__What you will do__. Scan the records beneath this line for the line holding "Theorem mainTheorem1 (I" and the line holding "assert (Hwin : forall i, customer I i ->", then transcribe exactly those two and all lines between.

__Records to use__.
(* Let $(\tau,\{\mathbf R_s\}_{s\in\mathcal S})$ be a feasible TWAVRP solution. Then there exist arrival-time vectors $\bm a_s\in\mathcal X(\mathbf R_s,[e,\ell];\theta_s)$, $s\in\mathcal S$, such that (i) for every $i\in V_{\mathrm{cont}}$ and every $\beta\in\mathbb R$: either $a_{si}\le \beta+w_i/2$ for all $s\in\mathcal S$, or $a_{si}\ge \beta-w_i/2$ for all $s\in\mathcal S$; and (ii) for every $i\in V_{\mathrm{disc}}$ and every $b\in\{1,\dots,N_i-1\}$: either $a_{si}\le \bar y_{ib}$ for all $s\in\mathcal S$, or $a_{si}\ge \underline y_{i,b+1}$ for all $s\in\mathcal S$.
   Context: Let $G=(V,A)$ be a directed graph with $V=\{0,1,\dots,n\}$; node $0$ is the depot and $V_C=V\setminus\{0\}$ is the set of customers. The depot has operating window $[e_0,\ell_0]$, vehicles have capacity $Q$, and each customer $i\in V_C$ has an exogenous time window $[e_i,\ell_i]$. A vector of operational parameters $\theta$ consists of arc costs $c_{ij}\ge 0$ and arc travel times $t_{ij}\ge0$ for $(i,j)\in A$, and demands $q_i\ge 0$ and service times $u_i\ge 0$ for $i\in V_C$. The customer set is partitioned as $V_C=V_{\mathrm{cont}}\cup V_{\mathrm{disc}}$ (disjoint). For $i\in V_{\mathrm{cont}}$ a width $w_i\ge0$ with $e_i\le \ell_i-w_i$ is given and $TW_i=\{[y,y+w_i]: e_i\le y\le \ell_i-w_i\}$. For $i\in V_{\mathrm{disc}}$, $TW_i=\{[\underline y_{i1},\bar y_{i1}],\dots,[\underline y_{iN_i},\bar y_{iN_i}]\}$ is a finite set of intervals with $\underline y_{ib}\le\bar y_{ib}$, none contained in another, ordered so that $e_i=\underline y_{i1}<\dots<\underline y_{iN_i}$ and $\bar y_{i1}<\dots<\bar y_{iN_i}=\ell_i$. A route set $\mathbf R=(R_1,\dots,R_m)$ is a collection of pairwise disjoint nonempty sequences $R_k=(R_{k,1},\dots,R_{k,n_k})$ of distinct customers (every customer with positive demand appearing in exactly one sequence). For a vector $\tau=(\tau_1,\dots,\tau_n)$ of closed intervals, $\mathcal X(\mathbf R,\tau;\theta)$ is the set of $\bm a\in\mathbb R^n_{\ge0}$ with: $a_{R_{k,1}}\ge e_0+t_{0,R_{k,1}}$ for all $k$; $a_{R_{k,l+1}}-a_{R_{k,l}}\ge t_{R_{k,l},R_{k,l+1}}+u_{R_{k,l}}$ for all $k$ and $1\le l\le n_k-1$; $a_{R_{k,n_k}}\le \ell_0-t_{R_{k,n_k},0}-u_{R_{k,n_k}}$ for all $k$; and $a_i\in\tau_i$ for all $i\in V_C$. We write $\mathbf R\in\mathcal R(\tau;\theta)$ if $\sum_{i\in R_k}q_i\le Q$ for every $k$ and $\mathcal X(\mathbf R,\tau;\theta)\neq\emptyset$. Finitely many scenarios $\theta_1,\dots,\theta_S$ are given, $\mathcal S=\{1,\dots,S\}$. A feasible TWAVRP solution is a pair $(\tau,\{\mathbf R_s\}_{s\in\mathcal S})$ with $\tau_i\in TW_i$ for all $i\in V_C$ and $\mathbf R_s\in\mathcal R(\tau;\theta_s)$ for all $s$. $[e,\ell]$ denotes the vector $([e_1,\ell_1],\dots,[e_n,\ell_n])$, and $a_{si}$ denotes the $i$-th component of $\bm a_s$. *)

From Stdlib Require Import Reals Lra List.
Import ListNotations.
Open Scope R_scope.

(* Nodes are natural numbers: 0 is the depot, customers are 1..n. *)

Record Inst := mkInst {
  n : nat;
  arc : nat -> nat -> Prop;
  e0 : R; l0 : R;               (* depot window [e0, l0] *)
  Qcap : R;
  ew : nat -> R; lw : nat -> R;
  isCont : nat -> bool;         (* true: i in V_cont, false: i in V_disc *)
  w : nat -> R;                 (* widths for continuous customers *)
  Nw : nat -> nat;
  ylo : nat -> nat -> R;        (* underline y_{ib}, b = 1..N_i *)
  yhi : nat -> nat -> R         (* bar y_{ib}, b = 1..N_i *)
}.

Definition customer (I : Inst) (i : nat) : Prop := (1 <= i <= n I)%nat.

Definition InstWF (I : Inst) : Prop :=
  (forall i, customer I i -> isCont I i = true ->
     0 <= w I i /\ ew I i <= lw I i - w I i) /\
  (forall i, customer I i -> isCont I i = false ->
     (1 <= Nw I i)%nat /\
     (forall b, (1 <= b <= Nw I i)%nat -> ylo I i b <= yhi I i b) /\
     ew I i = ylo I i 1 /\ yhi I i (Nw I i) = lw I i /\
     (forall b, (1 <= b < Nw I i)%nat ->
        ylo I i b < ylo I i (S b) /\ yhi I i b < yhi I i (S b))).

Record Theta := mkTheta {
  cost : nat -> nat -> R;
  tt : nat -> nat -> R;
  dem : nat -> R;
  svc : nat -> R
}.

Definition ThetaWF (I : Inst) (th : Theta) : Prop :=
  (forall i j, arc I i j -> 0 <= cost th i j /\ 0 <= tt th i j) /\
  (forall i, customer I i -> 0 <= dem th i /\ 0 <= svc th i).

(* A closed interval [fst, snd]. *)
Definition interval := (R * R)%type.

Definition InTW (I : Inst) (i : nat) (iv : interval) : Prop :=
  if isCont I i then
    exists y, ew I i <= y <= lw I i - w I i /\ iv = (y, y + w I i)
  else
    exists b, (1 <= b <= Nw I i)%nat /\ iv = (ylo I i b, yhi I i b).

Definition exoTW (I : Inst) : nat -> interval := fun i => (ew I i, lw I i).

Definition RouteSet (I : Inst) (th : Theta) (Rs : list (list nat)) : Prop :=
  (forall r, In r Rs -> r <> []) /\
  (forall i, In i (concat Rs) -> customer I i) /\
  NoDup (concat Rs) /\
  (forall i, customer I i -> 0 < dem th i -> In i (concat Rs)).

Definition load (th : Theta) (r : list nat) : R :=
  fold_right (fun i acc => dem th i + acc) 0 r.

Fixpoint chainOK (th : Theta) (a : nat -> R) (x : nat) (rest : list nat) : Prop :=
  match rest with
  | [] => True
  | y :: rest' => a y - a x >= tt th x y + svc th x /\ chainOK th a y rest'
  end.

Definition routeOK (I : Inst) (th : Theta) (a : nat -> R) (r : list nat) : Prop :=
  match r with
  | [] => True
  | x :: rest =>
      a x >= e0 I + tt th 0%nat x /\
      chainOK th a x rest /\
      a (last r 0%nat) <= l0 I - tt th (last r 0%nat) 0%nat - svc th (last r 0%nat)
  end.

Definition InX (I : Inst) (Rs : list (list nat)) (tau : nat -> interval)
    (th : Theta) (a : nat -> R) : Prop :=
  (forall i, customer I i -> 0 <= a i) /\
  (forall r, In r Rs -> routeOK I th a r) /\
  (forall i, customer I i -> fst (tau i) <= a i <= snd (tau i)).

Definition InCalR (I : Inst) (tau : nat -> interval) (th : Theta)
    (Rs : list (list nat)) : Prop :=
  RouteSet I th Rs /\
  (forall r, In r Rs -> load th r <= Qcap I) /\
  exists a, InX I Rs tau th a.

(* Feasible TWAVRP solution; scenarios are indexed s = 0..S-1. *)
Definition Feasible (I : Inst) (S : nat) (theta : nat -> Theta)
    (tau : nat -> interval) (Rs : nat -> list (list nat)) : Prop :=
  (forall i, customer I i -> InTW I i (tau i)) /\
  (forall s, (s < S)%nat -> InCalR I tau (theta s) (Rs s)).

(* The arrival times of any feasible solution already work: each [a_s] lies in the
   assigned window [tau_i], which sits inside the exogenous window [e_i, l_i].  For a
   continuous customer all [a_si] lie in one interval of width [w_i], so they are all on
   the same side of any split point [beta] up to [w_i/2].  For a discrete customer the
   assigned window is some [b0]-th interval, and monotonicity of the endpoints puts it
   entirely below [bar y_ib] (if [b0 <= b]) or entirely above [underline y_{i,b+1}]. *)
From Stdlib Require Import Reals List Lra Lia IndefiniteDescription.
Open Scope R_scope.

Lemma le_of_step_lt (f : nat -> R) (N : nat) :
  (forall b, (1 <= b < N)%nat -> f b < f (S b)) ->
  forall b b', (1 <= b <= b')%nat -> (b' <= N)%nat -> f b <= f b'.
Proof.
  intros Hstep b b' [Hb Hbb'] HN.
  induction Hbb' as [|b' Hbb' IH].
  - lra.
  - assert (f b' < f (S b')) by (apply Hstep; lia).
    assert (f b <= f b') by (apply IH; lia).
    lra.
Qed.

Lemma InTW_sub_exoTW (I : Inst) (i : nat) (iv : interval) :
  InstWF I -> customer I i -> InTW I i iv ->
  ew I i <= fst iv /\ snd iv <= lw I i.
Proof.
  intros [Hcont Hdisc] Hi. unfold InTW.
  destruct (isCont I i) eqn:Hc.
  - intros [y [Hy ->]]. simpl. destruct (Hcont i Hi Hc). lra.
  - intros [b [Hb ->]]. simpl.
    destruct (Hdisc i Hi Hc) as [_ [_ [He [Hl Hstep]]]].
    rewrite He, <- Hl. split.
    + apply (le_of_step_lt (ylo I i) (Nw I i)); [intros; apply Hstep|..]; lia.
    + apply (le_of_step_lt (yhi I i) (Nw I i)); [intros; apply Hstep|..]; lia.
Qed.

Lemma InX_widen (I : Inst) (Rs : list (list nat)) (tau tau' : nat -> interval)
    (th : Theta) (a : nat -> R) :
  (forall i, customer I i -> fst (tau' i) <= fst (tau i) /\ snd (tau i) <= snd (tau' i)) ->
  InX I Rs tau th a -> InX I Rs tau' th a.
Proof.
  intros Hsub [Hnonneg [Hroutes Hwin]].
  split; [exact Hnonneg | split; [exact Hroutes |]].
  intros i Hi. specialize (Hsub i Hi). specialize (Hwin i Hi). lra.
Qed.

Lemma arrivals_of_Feasible (I : Inst) (S : nat) (theta : nat -> Theta)
    (tau : nat -> interval) (Rs : nat -> list (list nat)) :
  Feasible I S theta tau Rs ->
  exists a : nat -> nat -> R,
    forall s, (s < S)%nat -> InX I (Rs s) tau (theta s) (a s).
Proof.
  intros [_ Hcal].
  apply (functional_choice (fun s a => (s < S)%nat -> InX I (Rs s) tau (theta s) a)).
  intros s. destruct (Nat.lt_ge_cases s S) as [Hs | Hs].
  - destruct (Hcal s Hs) as [_ [_ [a Ha]]]. exists a. auto.
  - exists (fun _ => 0). lia.
Qed.

Lemma width_split (P : nat -> Prop) (x : nat -> R) (y width beta : R) :
  (forall s, P s -> y <= x s <= y + width) ->
  (forall s, P s -> x s <= beta + width / 2) \/
  (forall s, P s -> x s >= beta - width / 2).
Proof.
  intros Hx.
  destruct (Rle_lt_dec (y + width / 2) beta).
  - left. intros s Hs. specialize (Hx s Hs). lra.
  - right. intros s Hs. specialize (Hx s Hs). lra.
Qed.

Lemma disc_window_split (I : Inst) (i : nat) (P : nat -> Prop) (x : nat -> R) (b0 b : nat) :
  InstWF I -> customer I i -> isCont I i = false ->
  (1 <= b0 <= Nw I i)%nat -> (1 <= b <= Nw I i - 1)%nat ->
  (forall s, P s -> ylo I i b0 <= x s <= yhi I i b0) ->
  (forall s, P s -> x s <= yhi I i b) \/
  (forall s, P s -> x s >= ylo I i (b + 1)%nat).
Proof.
  intros [_ Hdisc] Hi Hc Hb0 Hb Hx.
  destruct (Hdisc i Hi Hc) as [_ [_ [_ [_ Hstep]]]].
  destruct (Nat.le_gt_cases b0 b).
  - left. intros s Hs. specialize (Hx s Hs).
    assert (yhi I i b0 <= yhi I i b)
      by (apply (le_of_step_lt (yhi I i) (Nw I i)); [intros; apply Hstep|..]; lia).
    lra.
  - right. intros s Hs. specialize (Hx s Hs).
    assert (ylo I i (b + 1)%nat <= ylo I i b0)
      by (apply (le_of_step_lt (ylo I i) (Nw I i)); [intros; apply Hstep|..]; lia).
    lra.
Qed.

Theorem mainTheorem1 (I : Inst) (HI : InstWF I) (S : nat)
  (theta : nat -> Theta) (Htheta : forall s, (s < S)%nat -> ThetaWF I (theta s))
  (tau : nat -> interval) (Rs : nat -> list (list nat))
  (Hfeas : Feasible I S theta tau Rs) :
  exists a : nat -> nat -> R,
    (forall s, (s < S)%nat -> InX I (Rs s) (exoTW I) (theta s) (a s)) /\
    (forall i, customer I i -> isCont I i = true -> forall beta : R,
       (forall s, (s < S)%nat -> a s i <= beta + w I i / 2) \/
       (forall s, (s < S)%nat -> a s i >= beta - w I i / 2)) /\
    (forall i, customer I i -> isCont I i = false ->
     forall b, (1 <= b <= Nw I i - 1)%nat ->
       (forall s, (s < S)%nat -> a s i <= yhi I i b) \/
       (forall s, (s < S)%nat -> a s i >= ylo I i (b + 1)%nat)).
Proof.
  destruct (arrivals_of_Feasible I S theta tau Rs Hfeas) as [a Ha].
  destruct Hfeas as [Htw _].
  assert (Hwin : forall i, customer I i ->
            forall s, (s < S)%nat -> fst (tau i) <= a s i <= snd (tau i))
    by (intros i Hi s Hs; apply (Ha s Hs); exact Hi).
  exists a. split; [| split].
  - intros s Hs. apply (InX_widen I (Rs s) tau); [| exact (Ha s Hs)].
    intros i Hi. exact (InTW_sub_exoTW I i (tau i) HI Hi (Htw i Hi)).
  - intros i Hi Hc beta.
    pose proof (Htw i Hi) as Htwi. unfold InTW in Htwi. rewrite Hc in Htwi.
    destruct Htwi as [y [_ Hy]].
    apply (width_split _ _ y). pose proof (Hwin i Hi) as Hwini.
    rewrite Hy in Hwini. exact Hwini.
  - intros i Hi Hc b Hb.
    pose proof (Htw i Hi) as Htwi. unfold InTW in Htwi. rewrite Hc in Htwi.
    destruct Htwi as [b0 [Hb0 Hy]].
    apply (disc_window_split I i _ _ b0 b HI Hi Hc Hb0 Hb).
    pose proof (Hwin i Hi) as Hwini. rewrite Hy in Hwini. exact Hwini.
Qed.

__Exercise response__.
Theorem mainTheorem1 (I : Inst) (HI : InstWF I) (S : nat)
  (theta : nat -> Theta) (Htheta : forall s, (s < S)%nat -> ThetaWF I (theta s))
  (tau : nat -> interval) (Rs : nat -> list (list nat))
  (Hfeas : Feasible I S theta tau Rs) :
  exists a : nat -> nat -> R,
    (forall s, (s < S)%nat -> InX I (Rs s) (exoTW I) (theta s) (a s)) /\
    (forall i, customer I i -> isCont I i = true -> forall beta : R,
       (forall s, (s < S)%nat -> a s i <= beta + w I i / 2) \/
       (forall s, (s < S)%nat -> a s i >= beta - w I i / 2)) /\
    (forall i, customer I i -> isCont I i = false ->
     forall b, (1 <= b <= Nw I i - 1)%nat ->
       (forall s, (s < S)%nat -> a s i <= yhi I i b) \/
       (forall s, (s < S)%nat -> a s i >= ylo I i (b + 1)%nat)).
Proof.
  destruct (arrivals_of_Feasible I S theta tau Rs Hfeas) as [a Ha].
  destruct Hfeas as [Htw _].
  assert (Hwin : forall i, customer I i ->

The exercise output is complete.